(* Let $G=(V,E)$ be a finite connected chordal (decomposable) graph with $V=\{1,\dots,n\}$, and let $(C_1,\dots,C_k)$ be a perfect ordering of its cliques. For $q=2,\dots,k$ let $H_q=C_1\cup\dots\cup C_q$ (with $H_1=C_1$), $S_q=C_q\cap H_{q-1}$, $A_q=H_{q-1}\setminus S_q$ and $B_q=C_q\setminus S_q$. Let $N$ be a symmetric positive definite $n\times n$ real matrix and $M=N_G$. Then $M$ is positive definite if and only if for every $2\le q\le k$, $$S_1^{(q)}+S_2^{(q)}-M_{S_qS_q}$$ is positive definite, where $S_1^{(q)}=M_{S_qS_q}-M_{S_qA_q}M_{A_qA_q}^{-1}M_{A_qS_q}$ and $S_2^{(q)}=M_{S_qS_q}-M_{S_qB_q}M_{B_qB_q}^{-1}M_{B_qS_q}$.
   Context: A graph is chordal (decomposable) if it has no induced cycle of length $\ge 4$. A clique is a maximal complete induced subgraph (identified with its vertex set). An ordering $(C_1,\dots,C_k)$ of the cliques is perfect if for every $q=2,\dots,k$ there exists $p\le q-1$ with $C_q\cap (C_1\cup\dots\cup C_{q-1})\subseteq C_p$. For a symmetric $n\times n$ real matrix $N=(n_{ij})$, $N_G$ is defined by $(N_G)_{ij}=n_{ij}$ if $i=j$ or $(i,j)\in E$, and $0$ otherwise. For $X,Y\subseteq V$, $M_{XY}$ is the submatrix of $M$ with rows in $X$ and columns in $Y$. *)

From HB Require Import structures.
From mathcomp Require Import all_boot all_order all_algebra.
Set Implicit Arguments. Unset Strict Implicit. Unset Printing Implicit Defensive.
Import Order.TTheory GRing.Theory Num.Theory.
Local Open Scope ring_scope.

(* Simple graph on V = 'I_n (vertices 0..n-1 stand for 1..n): a symmetric,
   irreflexive relation e. *)
Definition simple_graph n (e : rel 'I_n) :=
  symmetric e /\ irreflexive e.

Definition connected_graph n (e : rel 'I_n) :=
  forall x y : 'I_n, connect e x y.

Definition induced_cycle n (e : rel 'I_n) (p : seq 'I_n) :=
  [/\ 4 <= size p, uniq p &
      {in p &, forall x y, e x y = (y == next p x) || (x == next p y)}]%N.

Definition chordal n (e : rel 'I_n) :=
  ~ exists p : seq 'I_n, induced_cycle e p.

Definition complete_set n (e : rel 'I_n) (X : {set 'I_n}) :=
  [forall x in X, forall y in X, (x != y) ==> e x y].

Definition is_clique n (e : rel 'I_n) (C : {set 'I_n}) :=
  maxset (complete_set e) C.

Definition clique_ordering n (e : rel 'I_n) (s : seq {set 'I_n}) :=
  uniq s /\ (forall C, C \in s <-> is_clique e C).

Definition Hun n (s : seq {set 'I_n}) (q : nat) : {set 'I_n} :=
  \bigcup_(i < q) nth set0 s i.

(* perfect ordering (0-based: the q-th clique is nth set0 s q) *)
Definition perfect_ordering n (e : rel 'I_n) (s : seq {set 'I_n}) :=
  clique_ordering e s /\
  forall q, (1 <= q < size s)%N ->
    exists2 p, (p < q)%N & nth set0 s q :&: Hun s q \subset nth set0 s p.

(* separator, and the two residual sets, for 0-based index q >= 1 *)
Definition Sep n (s : seq {set 'I_n}) q := nth set0 s q :&: Hun s q.
Definition Aset n (s : seq {set 'I_n}) q := Hun s q :\: Sep s q.
Definition Bset n (s : seq {set 'I_n}) q := nth set0 s q :\: Sep s q.

Definition restrict_graph (R : ringType) n (e : rel 'I_n) (N : 'M[R]_n) : 'M[R]_n :=
  \matrix_(i, j) (if (i == j) || e i j then N i j else 0).

Definition submx_set (R : Type) n (M : 'M[R]_n) (X Y : {set 'I_n})
  : 'M[R]_(#|X|, #|Y|) :=
  \matrix_(i, j) M (enum_val i) (enum_val j).

Definition posdef (R : numDomainType) m (A : 'M[R]_m) :=
  A^T = A /\ forall x : 'cV[R]_m, x != 0 -> 0 < (x^T *m A *m x) 0 0.

From mathcomp Require Import all_boot all_order all_algebra lra.
Set Implicit Arguments. Unset Strict Implicit. Unset Printing Implicit Defensive.
Import Order.TTheory GRing.Theory Num.Theory.

(* Write H_{q+1} as the disjoint union of A_q, S_q and B_q.  In a perfect
   ordering no edge joins A_q to B_q, so M_{A_q B_q} = 0, and completing the
   squares in the A_q- and B_q-coordinates splits the quadratic form of M on
   H_{q+1} into its forms on A_q and on B_q plus the form of the generalized
   Schur complement M_SS - M_SA M_AA^-1 M_AS - M_SB M_BB^-1 M_BS, which is
   S_1 + S_2 - M_SS.  Since M is positive definite on H_q (hence on A_q) and
   on the clique C_q, where it agrees with N (hence on B_q), M is positive
   definite on H_{q+1} iff that complement is; induct on q from H_1 = C_1. *)

Section CliqueOrdering.
Variables (n : nat) (e : rel 'I_n) (s : seq {set 'I_n}).

Lemma HunP x q :
  reflect (exists2 i, i < q & x \in nth set0 s i) (x \in Hun s q).
Proof.
apply: (iffP bigcupP) => [[i _ xi]|[i iq xi]]; first by exists i.
by exists (Ordinal iq).
Qed.

Lemma subset_Hun q r : q <= r -> Hun s q \subset Hun s r.
Proof.
move=> le_qr; apply/subsetP => x /HunP [i iq xi]; apply/HunP.
by exists i; first exact: leq_trans le_qr.
Qed.

Lemma HunS_partition q : Hun s q.+1 = Aset s q :|: Sep s q :|: Bset s q.
Proof.
apply/setP => x; rewrite /Hun big_ord_recr /= /Aset /Bset /Sep !inE.
by case: (x \in \bigcup_(i < q) _); case: (x \in nth set0 s q).
Qed.

Lemma disjoint_Aset_Sep q : [disjoint Aset s q & Sep s q].
Proof.
rewrite -setI_eq0; apply/eqP/setP => x; rewrite /Aset /Sep !inE.
by case: (x \in Hun s q); case: (x \in nth set0 s q).
Qed.

Lemma disjoint_Aset_Bset q : [disjoint Aset s q & Bset s q].
Proof.
rewrite -setI_eq0; apply/eqP/setP => x; rewrite /Aset /Bset /Sep !inE.
by case: (x \in Hun s q); case: (x \in nth set0 s q).
Qed.

Lemma disjoint_Sep_Bset q : [disjoint Sep s q & Bset s q].
Proof.
rewrite -setI_eq0; apply/eqP/setP => x; rewrite /Bset /Sep !inE.
by case: (x \in Hun s q); case: (x \in nth set0 s q).
Qed.

Lemma Aset_sub_Hun q : Aset s q \subset Hun s q.
Proof. exact: subsetDl. Qed.

Lemma Bset_sub_nth q : Bset s q \subset nth set0 s q.
Proof. exact: subsetDl. Qed.

Hypothesis po : perfect_ordering e s.

Lemma complete_sub_nth X : complete_set e X ->
  exists2 r, r < size s & X \subset nth set0 s r.
Proof.
move=> cX; have [C /(po.1.2 C) Cs sXC] := maxset_exists cX.
by exists (index C s); rewrite ?index_mem ?nth_index.
Qed.

Lemma complete_nth q : q < size s -> complete_set e (nth set0 s q).
Proof. by move=> qs; apply/maxsetp/(po.1.2 _)/mem_nth. Qed.

Lemma Hun_sizeT : Hun s (size s) = setT.
Proof.
apply/setP => x; rewrite inE; have cx : complete_set e [set x].
  by apply/forall_inP => y /set1P ->; apply/forall_inP => z /set1P ->; rewrite eqxx.
have [r rs /subsetP sxr] := complete_sub_nth cx.
by apply/HunP; exists r; rewrite ?sxr ?set11.
Qed.

Lemma size_cliques_gt0 : 0 < size s.
Proof.
have c0 : complete_set e set0 by apply/forall_inP => y; rewrite inE.
by have [r rs _] := complete_sub_nth c0; apply: leq_ltn_trans rs.
Qed.

Hypothesis e_sym : symmetric e.

Lemma Aset_Bset_nonadjacent q a b : 1 <= q < size s ->
  a \in Aset s q -> b \in Bset s q -> ~~ e a b.
Proof.
move=> /andP[q_gt0 qs] /setDP[aH aS] /setDP[bC bS].
have aC : a \notin nth set0 s q by apply: contra aS => aC; rewrite inE aC.
have bH : b \notin Hun s q by apply: contra bS => bH; rewrite inE bC.
apply/negP => eab.
have cab : complete_set e [set a; b].
  have eba : e b a by rewrite e_sym.
  by apply/forall_inP => x /set2P[]->; apply/forall_inP => y /set2P[]->;
    rewrite ?eqxx ?eab ?eba ?implybT.
have exr : exists r, (r < size s) && ([set a; b] \subset nth set0 s r).
  by have [r rs sub] := complete_sub_nth cab; exists r; rewrite rs.
(* the first clique C_r containing a and b: r > q is impossible since then
   both lie in C_r :&: H_r, which is contained in an earlier clique *)
case: (ex_minnP exr) => r /andP[rs /subsetP sub] r_min.
have [ar br] : a \in nth set0 s r /\ b \in nth set0 s r by rewrite !sub ?set21 ?set22.
case: (ltngtP r q) => [rq|qr|rq].
- by move: bH => /negP; apply; apply/HunP; exists r.
- have r_gt0 : 1 <= r < size s by rewrite rs (leq_trans q_gt0 (ltnW qr)).
  have [p pr /subsetP sep] := po.2 r r_gt0.
  have aHr : a \in Hun s r by apply: subsetP (subset_Hun (ltnW qr)) _ _.
  have bHr : b \in Hun s r by apply/HunP; exists q.
  suff : r <= p by rewrite leqNgt pr.
  apply: r_min; rewrite (ltn_trans pr rs) /=.
  by apply/subsetP => x /set2P[]->; rewrite sep // inE ?ar ?br.
- by move: aC; rewrite -rq ar.
Qed.
End CliqueOrdering.

Local Open Scope ring_scope.

Lemma mx_entryD (V : zmodType) m p (A B : 'M[V]_(m, p)) i j :
  (A + B) i j = A i j + B i j.
Proof. by rewrite !mxE. Qed.

Lemma mx_entryN (V : zmodType) m p (A : 'M[V]_(m, p)) i j : (- A) i j = - A i j.
Proof. by rewrite !mxE. Qed.

Section CoordinateInclusion.
Variables (R : pzRingType) (n : nat).
Implicit Types X Y : {set 'I_n}.

Definition incl_mx X : 'M[R]_(n, #|X|) := colsub enum_val 1%:M.

Definition supported X (u : 'cV[R]_n) :=
  forall i, i \notin X -> u i 0 = 0.

Lemma submx_setE (M : 'M[R]_n) X Y :
  submx_set M X Y = (incl_mx X)^T *m M *m incl_mx Y.
Proof.
rewrite trmx_mxsub trmx1 -rowsubE mulmx_colsub mulmx1.
by apply/matrixP => i j; rewrite !mxE.
Qed.

Lemma trmx_incl_mx_mul X m (A : 'M[R]_(n, m)) :
  (incl_mx X)^T *m A = rowsub enum_val A.
Proof. by rewrite trmx_mxsub trmx1 -rowsubE. Qed.

Lemma incl_mxTK X : (incl_mx X)^T *m incl_mx X = 1%:M.
Proof.
rewrite trmx_incl_mx_mul; apply/matrixP => i j.
by rewrite !mxE (inj_eq enum_val_inj).
Qed.

Lemma incl_mxT_disjoint X Y :
  [disjoint X & Y] -> (incl_mx X)^T *m incl_mx Y = 0.
Proof.
move=> dXY; rewrite trmx_incl_mx_mul; apply/matrixP => i j; rewrite !mxE.
case: eqP => [eij|]; last by rewrite mulr0n.
by move: dXY => /disjointFr /(_ (enum_valP i)); rewrite eij enum_valP.
Qed.

Lemma supported_incl_mx X (z : 'cV[R]_#|X|) : supported X (incl_mx X *m z).
Proof.
move=> i iX; rewrite mxE big1 // => k _; rewrite !mxE.
by case: eqP => [eik|]; [move: iX; rewrite eik enum_valP | rewrite mulr0n mul0r].
Qed.

Lemma incl_mx_restrictE X (u : 'cV[R]_n) i :
  (incl_mx X *m ((incl_mx X)^T *m u)) i 0 = if i \in X then u i 0 else 0.
Proof.
case: ifPn => iX; last exact: supported_incl_mx.
rewrite trmx_incl_mx_mul mxE (bigD1 (enum_rank_in iX i)) //= big1.
  by rewrite !mxE enum_rankK_in // eqxx mul1r addr0.
move=> k /negbTE nk; rewrite !mxE -(enum_rankK_in iX iX) (inj_eq enum_val_inj).
by rewrite eq_sym nk mul0r.
Qed.

End CoordinateInclusion.
Arguments incl_mx {R n} X.

Section QuadraticForm.
Variables (R : realFieldType) (n : nat) (M : 'M[R]_n).
Implicit Types (X Y A S B : {set 'I_n}) (u v w : 'cV[R]_n).

Definition bform u v := (u^T *m M *m v) 0 0.

Definition posdef_on X := forall u, supported X u -> u != 0 -> 0 < bform u u.

Lemma bformDl u v w : bform (u + v) w = bform u w + bform v w.
Proof. by rewrite /bform linearD !mulmxDl mxE. Qed.
Lemma bformDr u v w : bform w (u + v) = bform w u + bform w v.
Proof. by rewrite /bform mulmxDr mxE. Qed.
Lemma bformNl u w : bform (- u) w = - bform u w.
Proof. by rewrite /bform linearN !mulNmx mxE. Qed.
Lemma bformNr u w : bform w (- u) = - bform w u.
Proof. by rewrite /bform mulmxN mxE. Qed.
Lemma bform0l w : bform 0 w = 0.
Proof. by rewrite /bform linear0 !mul0mx mxE. Qed.

Lemma bform_sum u v : bform u v = \sum_i \sum_j u i 0 * M i j * v j 0.
Proof.
rewrite /bform mxE exchange_big; apply: eq_bigr => j _; rewrite mxE big_distrl.
by apply: eq_bigr => i _; rewrite mxE.
Qed.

===============

**Task to complete:** In the material above, find the line containing "- have r_gt0" and the line containing "move=> i iX;", then write out exactly those two lines and every line between them, and nothing more.

**Output of the task:**
- have r_gt0 : 1 <= r < size s by rewrite rs (leq_trans q_gt0 (ltnW qr)).
  have [p pr /subsetP sep] := po.2 r r_gt0.
  have aHr : a \in Hun s r by apply: subsetP (subset_Hun (ltnW qr)) _ _.
  have bHr : b \in Hun s r by apply/HunP; exists q.
  suff : r <= p by rewrite leqNgt pr.
  apply: r_min; rewrite (ltn_trans pr rs) /=.
  by apply/subsetP => x /set2P[]->; rewrite sep // inE ?ar ?br.
- by move: aC; rewrite -rq ar.
Qed.
End CliqueOrdering.

Local Open Scope ring_scope.

Lemma mx_entryD (V : zmodType) m p (A B : 'M[V]_(m, p)) i j :
  (A + B) i j = A i j + B i j.
Proof. by rewrite !mxE. Qed.

Lemma mx_entryN (V : zmodType) m p (A : 'M[V]_(m, p)) i j : (- A) i j = - A i j.
Proof. by rewrite !mxE. Qed.

Section CoordinateInclusion.
Variables (R : pzRingType) (n : nat).
Implicit Types X Y : {set 'I_n}.

Definition incl_mx X : 'M[R]_(n, #|X|) := colsub enum_val 1%:M.

Definition supported X (u : 'cV[R]_n) :=
  forall i, i \notin X -> u i 0 = 0.

Lemma submx_setE (M : 'M[R]_n) X Y :
  submx_set M X Y = (incl_mx X)^T *m M *m incl_mx Y.
Proof.
rewrite trmx_mxsub trmx1 -rowsubE mulmx_colsub mulmx1.
by apply/matrixP => i j; rewrite !mxE.
Qed.

Lemma trmx_incl_mx_mul X m (A : 'M[R]_(n, m)) :
  (incl_mx X)^T *m A = rowsub enum_val A.
Proof. by rewrite trmx_mxsub trmx1 -rowsubE. Qed.

Lemma incl_mxTK X : (incl_mx X)^T *m incl_mx X = 1%:M.
Proof.
rewrite trmx_incl_mx_mul; apply/matrixP => i j.
by rewrite !mxE (inj_eq enum_val_inj).
Qed.

Lemma incl_mxT_disjoint X Y :
  [disjoint X & Y] -> (incl_mx X)^T *m incl_mx Y = 0.
Proof.
move=> dXY; rewrite trmx_incl_mx_mul; apply/matrixP => i j; rewrite !mxE.
case: eqP => [eij|]; last by rewrite mulr0n.
by move: dXY => /disjointFr /(_ (enum_valP i)); rewrite eij enum_valP.
Qed.

Lemma supported_incl_mx X (z : 'cV[R]_#|X|) : supported X (incl_mx X *m z).
Proof.
move=> i iX; rewrite mxE big1 // => k _; rewrite !mxE.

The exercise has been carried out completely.